Homeostasis is required in all living cells between salt and water. This allows the cells to perform many functions. Too much salt and all the water will be pulled out of the cells to try to maintain this balance and the cells will die of dehydration.
Saltwater fish are able to expel excess salt in their urine and secrete it through their gills in order to maintain this balance.
Sodium is one of the main ions used in sending signals through the body. If they absorbed all the salt, they whould experience spontaneous generation of signals all over the place. This includes the heart and other organs. If your heart is doing its own thing and not beating in order, it is not pushing blood very effectively so cells are not receiving the needed nutrients in a timely fashion. Cardiac arrest is likely.
More importantly it fucks up their water balance. Water follows salt. If there is more salt in the fish’s blood, the water from their cells comes out and the animal dehydrates. Most marine animals either have reniculated kidneys or salt glands that are specifically suited for excessive ion environments. Sea birds have salt glands near their eye that empties brine out their beak, sharks have rectal glands that does that same thing but out with their feces. Marine animals spend a lot of energy of getting ions out of their body (freshwater spend a lot getting them in), and maintaining proper water balance
Sharks and rays (cartilaginous fishes) actually do this. The body of the shark is normally isotonic to the seawater around it. This is known as osmoconformation, as opposed to osmoregulation as seen in other bony fish. Most marine invertebrates (i.e. most other sea creatures) are osmoconformers as well, although their ionic composition may be different from that of seawater.

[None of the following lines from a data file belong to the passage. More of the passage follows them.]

(* Let $\mathcal{L}$ be a horizontal segment $EF$ of length $1$ in the plane, and let $\mathcal{T}$ be an equilateral triangle (the convex hull of a V-shaped unit worm) with side length $\frac12$ and vertices $P,Q,R$ in counterclockwise order, labelled so that, with $O_2$ its centroid, $P=O_2+\frac{\sqrt3}{6}(\cos\beta,\sin\beta)$ for some $\beta\in[\frac{\pi}{6},\frac{5\pi}{6})$. Then $$\mu(\mathcal{L},\mathcal{T})\geq \tfrac14\max\Bigl\{\sin\bigl(\beta-\tfrac{\pi}{6}\bigr),\ \sin\bigl(\beta+\tfrac{\pi}{6}\bigr)\Bigr\}.$$
   Context: $\mu(K_1,\dots,K_n)$ denotes the area of the convex hull of $K_1\cup\dots\cup K_n$. (With this labelling, $\overrightarrow{QP}$ has argument $\beta-\frac{\pi}{6}$ and $\overrightarrow{RP}$ has argument $\beta+\frac{\pi}{6}$.) *)

From HB Require Import structures.
From mathcomp Require Import all_boot all_order all_algebra.
From mathcomp Require Import all_classical all_reals all_analysis.
Set Implicit Arguments. Unset Strict Implicit. Unset Printing Implicit Defensive.
Import Order.TTheory GRing.Theory Num.Theory.
Local Open Scope classical_set_scope.
Local Open Scope ring_scope.

Section Plane.
Variable R : realType.

Definition convex_set2 (C : set (R * R)) : Prop :=
  forall (x y : R * R) (t : R), C x -> C y -> 0 <= t <= 1 ->
    C (t * x.1 + (1 - t) * y.1, t * x.2 + (1 - t) * y.2).

Definition conv_hull (A : set (R * R)) : set (R * R) :=
  [set p | forall C, A `<=` C -> convex_set2 C -> C p].

Definition area (A : set (R * R)) : \bar R :=
  ((@lebesgue_measure R) \x (@lebesgue_measure R))%E A.

Definition mu2 (K1 K2 : set (R * R)) : \bar R := area (conv_hull (K1 `|` K2)).

End Plane.

(** A convex set [H] containing a horizontal segment of length [w] contains
    the triangle spanned by the segment and any of its points.  For a point [X]
    above the segment's line and a point [Y] below it, the two triangles meet
    only along the segment, so the area of [H] is at least
    [w * (X.2 - Y.2) / 2]; a point on the wrong side of the line can be
    replaced by an endpoint of the segment, which only enlarges the gap.
    For the triangle [PQR] the gaps [P.2 - Q.2] and [P.2 - R.2] are
    [sin (beta - pi/6) / 2] and [sin (beta + pi/6) / 2], and [w = 1]. *)
From HB Require Import structures.
From mathcomp Require Import all_boot all_order all_algebra.
From mathcomp Require Import all_classical all_reals all_analysis.
From mathcomp Require Import measurable_realfun ring lra.
Set Implicit Arguments. Unset Strict Implicit. Unset Printing Implicit Defensive.
Import Order.TTheory GRing.Theory Num.Theory.
Import numFieldNormedType.Exports.
Local Open Scope classical_set_scope.
Local Open Scope ring_scope.

Section Plane.
Variable R : realType.

Lemma sub_conv_hull (A : set (R * R)) : A `<=` conv_hull A.
Proof. by move=> p Ap K AK _; exact: AK. Qed.

Lemma convex_conv_hull (A : set (R * R)) : convex_set2 (conv_hull A).
Proof. by move=> x y t hx hy t01 K AK cK; exact: cK (hx K AK cK) (hy K AK cK) t01. Qed.

Section Area.
Local Open Scope ereal_scope.

(* [area] is monotone on all sets, since x-sections are measured by the outer
   Lebesgue measure. *)
Lemma le_area (A B : set (R * R)) : A `<=` B -> area A <= area B.
Proof.
move=> AB; rewrite /area /product_measure1 !ge0_integralTE //.
apply: ereal_sup_le => _ [h /= hf <-]; exists h => //= x.
apply: le_trans (hf x) _; apply: le_mu_ext => y.
by rewrite /xsection /= !inE; exact: AB.
Qed.

Lemma area_ysection (A : set (R * R)) : measurable A ->
  area A = \int[lebesgue_measure]_y lebesgue_measure (ysection A y).
Proof.
move=> mA; rewrite /area /product_measure1.
have := indic_fubini_tonelli lebesgue_measure lebesgue_measure mA.
by rewrite indic_fubini_tonelli_FE // indic_fubini_tonelli_GE.
Qed.

End Area.

Lemma integral_itv_affine (k c lo hi : R) : lo < hi ->
  (\int[lebesgue_measure]_(y in `[lo, hi]) (k * (c - y))%:E =
   (k * ((c - lo) ^+ 2 - (c - hi) ^+ 2) / 2)%:E)%E.
Proof.
move=> lohi; pose F y : R := - k * (c - y) ^+ 2 / 2.
have dF (y : R) : is_derive y (1 : R) F (k * (c - y)).
  by apply: is_derive_eq; rewrite !scaler0 ?subr0 ?add0r -![_ *: _]/(_ * _) /=; field.
have derivF (y : R) : derivable F y 1 := @ex_derive _ _ _ _ _ _ _ (dF y).
rewrite (@continuous_FTC2 _ _ F) //.
- by congr (_%:E); rewrite /F; field.
- apply: continuous_subspaceT => y.
  by apply: cvgM; [exact: cvg_cst|apply: cvgB; [exact: cvg_cst|exact: cvg_id]].
- split; first by move=> y _; exact: derivF.
  + apply/cvg_at_right_filter/differentiable_continuous/derivable1_diffP; exact: derivF.
  + apply/cvg_at_left_filter/differentiable_continuous/derivable1_diffP; exact: derivF.
- by move=> y _; rewrite derive1E (@derive_val _ _ _ _ _ _ _ (dF y)).
Qed.

Lemma divr_itvoo01 (y y0 h : R) : h != 0 ->
  (0 < (y - y0) / h < 1) = (Num.min y0 (y0 + h) < y < Num.max y0 (y0 + h)).
Proof.
case: (ltgtP h 0) => [hlt|hgt|] // _.
  have -> : Num.min y0 (y0 + h) = y0 + h by apply/min_idPr; lra.
  have -> : Num.max y0 (y0 + h) = y0 by apply/max_idPl; lra.
  rewrite ltr_ndivlMr // ltr_ndivrMr // mul0r mul1r.
  by apply/idP/idP => /andP[? ?]; apply/andP; split; lra.
have -> : Num.min y0 (y0 + h) = y0 by apply/min_idPl; lra.
have -> : Num.max y0 (y0 + h) = y0 + h by apply/max_idPr; lra.
rewrite ltr_pdivlMr // ltr_pdivrMr // mul0r mul1r.
by apply/idP/idP => /andP[? ?]; apply/andP; split; lra.
Qed.

Section Triangle.
Variables x0 y0 w : R.

(* The triangle with base [[x0, x0 + w] * {y0}] and apex [(xa, y0 + h)],
   without its base and apex; [(p.2 - y0) / h] is the relative height of [p].
   It is empty when [h = 0]. *)
Definition triangle (xa h : R) : set (R * R) :=
  [set p | 0 < (p.2 - y0) / h < 1 /\
    x0 + (p.2 - y0) / h * (xa - x0) <= p.1 <= x0 + w + (p.2 - y0) / h * (xa - x0 - w)].

Lemma measurable_triangle xa h : measurable (triangle xa h).
Proof.
pose t (p : R * R) := (p.2 - y0) / h.
have mt : measurable_fun setT t.
  apply: measurable_funM; last exact: measurable_cst.
  by apply: measurable_funB; [exact: measurable_snd|exact: measurable_cst].
have ml : measurable_fun setT (fun p : R * R => p.1 - (x0 + t p * (xa - x0))).
  apply: measurable_funB; first exact: measurable_fst.
  by apply: measurable_funD; [exact: measurable_cst|apply: measurable_funM].
have mr : measurable_fun setT (fun p : R * R => x0 + w + t p * (xa - x0 - w) - p.1).
  apply: measurable_funB; last exact: measurable_fst.
  by apply: measurable_funD; [exact: measurable_cst|apply: measurable_funM].
have -> : triangle xa h = t @^-1` `]0, 1[ `&`
    (fun p : R * R => p.1 - (x0 + t p * (xa - x0))) @^-1` `[0, +oo[ `&`
    (fun p : R * R => x0 + w + t p * (xa - x0 - w) - p.1) @^-1` `[0, +oo[.
  apply/seteqP; split => p /=; rewrite /triangle /t /= !in_itv /= ?andbT.
    by move=> [-> /andP[l r]]; split; [split|]; lra.
  by move=> [[-> l] r]; split => //; apply/andP; split; lra.
by apply: measurableI; [apply: measurableI|]; rewrite -[X in measurable X]setTI;
  [exact: mt|exact: ml|exact: mr].
Qed.

Lemma lebesgue_ysection_triangle xa h y : 0 <= w ->
  lebesgue_measure (ysection (triangle xa h) y) =
  if 0 < (y - y0) / h < 1 then (w * (1 - (y - y0) / h))%:E else 0%E.
Proof.
move=> w0; set t := (y - y0) / h; case: ifPn => ht.
  have -> : ysection (triangle xa h) y =
      `[x0 + t * (xa - x0), x0 + w + t * (xa - x0 - w)]%classic.
    apply/seteqP; split => x; rewrite /ysection /= inE /triangle /= in_itv /=.
      by case.
    by split.
  rewrite lebesgue_measure_itv /= lte_fin; case: ltgtP => [_|hl|hl].
  - by congr (_%:E); ring.
  - by exfalso; move/andP: ht => [? ?]; nra.
  - by rewrite (_ : w * (1 - t) = 0) //; nra.
have -> : ysection (triangle xa h) y = set0.
  apply/seteqP; split => x //; rewrite /ysection /= inE /triangle /=.
  by move=> [H _]; move: ht; rewrite /t H.
exact: measure0.
Qed.

Lemma area_triangle xa h : 0 <= w -> area (triangle xa h) = (w * `|h| / 2)%:E.
Proof.
move=> w0; have [->|h0] := eqVneq h 0.
  have -> : triangle xa 0 = set0.
    by apply/seteqP; split => p // [/andP[]]; rewrite invr0 mulr0 ltxx.
  by rewrite normr0 mulr0 mul0r; exact: measure0.
rewrite area_ysection; last exact: measurable_triangle.
set lo := Num.min y0 (y0 + h); set hi := Num.max y0 (y0 + h).
have lohi : lo < hi.
  by rewrite /lo /hi gt_min !lt_max ltxx ltrDl gtrDl; case: ltgtP h0.
transitivity (\int[lebesgue_measure]_(y in `]lo, hi[) (w / h * (y0 + h - y))%:E)%E.
  rewrite [RHS]integral_mkcond; apply: eq_integral => y _.
  rewrite lebesgue_ysection_triangle // patchE mem_setE in_itv /= divr_itvoo01 //.
  by case: ifP => // _; congr (_%:E); field.
rewrite -(@integral_itv_bndoo _ _ _ _ true false); last first.
  by apply/measurable_EFinP; apply: measurable_funM => //; apply: measurable_funB.
rewrite integral_itv_affine //; congr (_%:E).
rewrite /lo /hi; case: (ltgtP h 0) h0 => // hs _.
  rewrite (min_idPr _) ?(max_idPl _) ?ltr0_norm //; try lra.
  by field; rewrite lt_eqF.
rewrite (min_idPl _) ?(max_idPr _) ?gtr0_norm //; try lra.
by field; rewrite gt_eqF.
Qed.

Lemma triangle_sub_convex (C : set (R * R)) xa h : 0 < w -> convex_set2 C ->
  C (x0, y0) -> C (x0 + w, y0) -> C (xa, y0 + h) -> triangle xa h `<=` C.
Proof.
move=> w0 cC hE hF hX [px py] [/andP[t0 t1] /andP[l1 l2]] /=.
move: t0 t1 l1 l2; rewrite /=; set t := (py - y0) / h => t0 t1 l1 l2.
have h0 : h != 0 by apply/eqP => h0; move: t0; rewrite /t h0 invr0 mulr0 ltxx.
pose g := (px - t * xa) / (1 - t).
have gl : x0 <= g by rewrite /g ler_pdivlMr ?subr_gt0 //; lra.
have gu : g <= x0 + w by rewrite /g ler_pdivrMr ?subr_gt0 //; lra.
have hG : C (g, y0).
  pose s := (x0 + w - g) / w.
  have -> : (g, y0) = (s * (x0, y0).1 + (1 - s) * (x0 + w, y0).1,
                      s * (x0, y0).2 + (1 - s) * (x0 + w, y0).2).
    by rewrite /s /=; congr pair; field; rewrite gt_eqF.
  apply: cC => //; rewrite /s ler_pdivlMr // ler_pdivrMr //; apply/andP; split; lra.
have -> : (px, py) = (t * (xa, y0 + h).1 + (1 - t) * (g, y0).1,
                      t * (xa, y0 + h).2 + (1 - t) * (g, y0).2).
  have pyE : py = y0 + t * h by rewrite /t; field.
  by rewrite /= /g pyE; congr pair; [field; rewrite subr_eq0 gt_eqF|ring].
by apply: cC => //; apply/andP; split; lra.
Qed.

Lemma triangle_disjoint xa xb h k : 0 <= h -> k <= 0 ->
  triangle xa h `&` triangle xb k = set0.
Proof.
move=> h0 k0; apply/seteqP; split => // p [[/andP[a _] _] [/andP[b _] _]].
move: a b; set d := p.2 - y0; case: (leP d 0) => [d0|d0] a b.
  by move: a; rewrite ltNge mulr_le0_ge0 ?invr_ge0.
by move: b; rewrite ltNge (mulr_ge0_le0 (ltW d0)) ?invr_le0.
Qed.

Local Open Scope ereal_scope.

Lemma area_convex_ge_straddle (H : set (R * R)) (X Y : R * R) :
  (0 < w)%R -> convex_set2 H -> H (x0, y0) -> H (x0 + w, y0)%R -> H X -> H Y ->
  (Y.2 <= y0 <= X.2)%R -> (w * (X.2 - Y.2) / 2)%:E <= area H.
Proof.
move=> w0 cH hE hF hX hY /andP[Yy yX].
have apex (Z : R * R) : H Z -> H (Z.1, y0 + (Z.2 - y0))%R.
  by rewrite addrC subrK; case: Z.
set TX := triangle X.1 (X.2 - y0); set TY := triangle Y.1 (Y.2 - y0).
have sub : TX `|` TY `<=` H.
  by move=> p [] Tp; apply: triangle_sub_convex Tp => //; exact: apex.
apply: le_trans _ (le_area sub).
have -> : area (TX `|` TY) = area TX + area TY.
  rewrite /area measureU //; try exact: measurable_triangle.
  by apply: triangle_disjoint; lra.
rewrite !area_triangle ?(ltW w0) // -EFinD lee_fin ger0_norm ?ler0_norm; lra.
Qed.

Lemma area_convex_ge (H : set (R * R)) (X Y : R * R) :
  (0 < w)%R -> convex_set2 H -> H (x0, y0) -> H (x0 + w, y0)%R -> H X -> H Y ->
  (w * (X.2 - Y.2) / 2)%:E <= area H.
Proof.
move=> w0 cH hE hF hX hY.
pose X' := if (y0 <= X.2)%R then X else (x0, y0).
pose Y' := if (Y.2 <= y0)%R then Y else (x0, y0).
apply: le_trans _ (@area_convex_ge_straddle H X' Y' w0 cH hE hF _ _ _).
- by rewrite lee_fin /X' /Y'; case: (leP y0 X.2) => ?; case: (leP Y.2 y0) => ? /=; nra.
- by rewrite /X'; case: ifP.
- by rewrite /Y'; case: ifP.
- by rewrite /X' /Y'; case: (leP y0 X.2) => ?; case: (leP Y.2 y0) => ? /=;
    apply/andP; split; lra.
Qed.

Lemma mu2_segment_ge (K : set (R * R)) (X Y : R * R) : (0 < w)%R -> K X -> K Y ->
  (w * (X.2 - Y.2) / 2)%:E <= mu2 (conv_hull [set (x0, y0); (x0 + w, y0)%R]) K.
Proof.
move=> w0 KX KY; rewrite /mu2; set S := [set _; _].
have inH p : S p \/ K p -> conv_hull (conv_hull S `|` K) p.
  by case=> [Sp|Kp]; apply: sub_conv_hull; [left; exact: sub_conv_hull|right].
by apply: area_convex_ge w0 (@convex_conv_hull _) _ _ _ _; apply: inH;
  [left; left|left; right|right|right].
Qed.

End Triangle.

Let cos_pi6_gt0 : 0 < cos (pi / 6 : R).
Proof. by apply: cos_gt0_pihalf; have := pi_gt0 R; lra. Qed.

Lemma sin_pi6 : sin (pi / 6) = 1 / 2 :> R.
Proof.
set x := pi / 6 : R.
have s0 : 0 < sin x by apply: sin_gt0_pihalf; have := pi_gt0 R; rewrite /x; lra.
have c3 : cos (x + (x + x)) = 0 by rewrite -cos_pihalf /x; congr cos; field.
rewrite !cosD !sinD in c3.
have c2 : cos x ^+ 2 - 3 * sin x ^+ 2 = 0.
  have /eqP : cos x * (cos x ^+ 2 - 3 * sin x ^+ 2) = 0 by rewrite -c3; ring.
  by rewrite mulf_eq0 gt_eqF //= => /eqP.
have := cos2Dsin2 x; nra.
Qed.

Lemma cos_pi6 : cos (pi / 6) = Num.sqrt 3 / 2 :> R.
Proof.
have r2 : Num.sqrt (3 : R) ^+ 2 = 3 by rewrite sqr_sqrtr.
have := cos2Dsin2 (pi / 6 : R); have := sqrtr_ge0 (3 : R).
rewrite sin_pi6; have := cos_pi6_gt0; nra.
Qed.

Lemma sinD2pi3 (x : R) : sin (x + 2 * pi / 3) = cos (x + pi / 6).
Proof. by rewrite -sinDpihalf; congr sin; field. Qed.

Lemma sinD4pi3 (x : R) : sin (x + 4 * pi / 3) = - cos (x - pi / 6).
Proof. by rewrite -cosDpi -sinDpihalf; congr sin; field. Qed.

Lemma sqrt3_sin_sub_sinD2pi3 (x : R) :
  Num.sqrt 3 / 6 * sin x - Num.sqrt 3 / 6 * sin (x + 2 * pi / 3) = sin (x - pi / 6) / 2.
Proof.
have r2 : Num.sqrt 3 ^+ 2 * cos x = 3 * cos x by rewrite sqr_sqrtr.
rewrite sinD2pi3 cosD sinB cos_pi6 sin_pi6; lra.
Qed.

Lemma sqrt3_sin_sub_sinD4pi3 (x : R) :
  Num.sqrt 3 / 6 * sin x - Num.sqrt 3 / 6 * sin (x + 4 * pi / 3) = sin (x + pi / 6) / 2.
Proof.
have r2 : Num.sqrt 3 ^+ 2 * cos x = 3 * cos x by rewrite sqr_sqrtr.
rewrite sinD4pi3 cosB sinD cos_pi6 sin_pi6; lra.
Qed.

End Plane.

Theorem mainTheorem6 (R : realType) (x0 y0 a b beta : R) :
  pi / 6 <= beta < 5 * pi / 6 ->
  let E := (x0, y0) in
  let F := (x0 + 1, y0) in
  let rho := Num.sqrt 3 / 6 in
  let P := (a + rho * cos beta, b + rho * sin beta) in
  let Q := (a + rho * cos (beta + 2 * pi / 3), b + rho * sin (beta + 2 * pi / 3)) in
  let Rv := (a + rho * cos (beta + 4 * pi / 3), b + rho * sin (beta + 4 * pi / 3)) in
  let L := conv_hull [set E; F] in
  let T := conv_hull [set P; Q; Rv] in
  ((1 / 4 * Num.max (sin (beta - pi / 6)) (sin (beta + pi / 6)))%:E
     <= mu2 L T)%E.
Proof.
move=> _ /=.
set P := (_ + _ * cos beta, _); set Q := (_ + _ * cos (beta + 2 * pi / 3), _).
set Rv := (_ + _ * cos (beta + 4 * pi / 3), _).
have inT p : [set P; Q; Rv] p -> conv_hull [set P; Q; Rv] p := @sub_conv_hull _ _ p.
have dPQ := sqrt3_sin_sub_sinD2pi3 beta; have dPR := sqrt3_sin_sub_sinD4pi3 beta.
rewrite maxEle; case: ifP => _.
  apply: le_trans _ (mu2_segment_ge x0 y0 ltr01 (inT P _) (inT Rv _)).
  - by rewrite lee_fin /=; lra.
  - by left; left.
  - by right.
apply: le_trans _ (mu2_segment_ge x0 y0 ltr01 (inT P _) (inT Q _)).
- by rewrite lee_fin /=; lra.
- by left; left.
- by left; right.
Qed.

In sharks and rays, they maintain their isotonic relationship to the seawater using urea and trimethylamine oxide (TMAO). The shark’s blood electrolyte composition is not similar to that of seawater, but maintains isotonicity with seawater by storing urea at high concentrations. Sharks are “ureotelic” animals that secrete urea to maintain osmotic balance. TMAO stabilizes proteins in the presence of high urea levels, preventing the disruption of peptide bonds that would otherwise occur at such high levels of urea.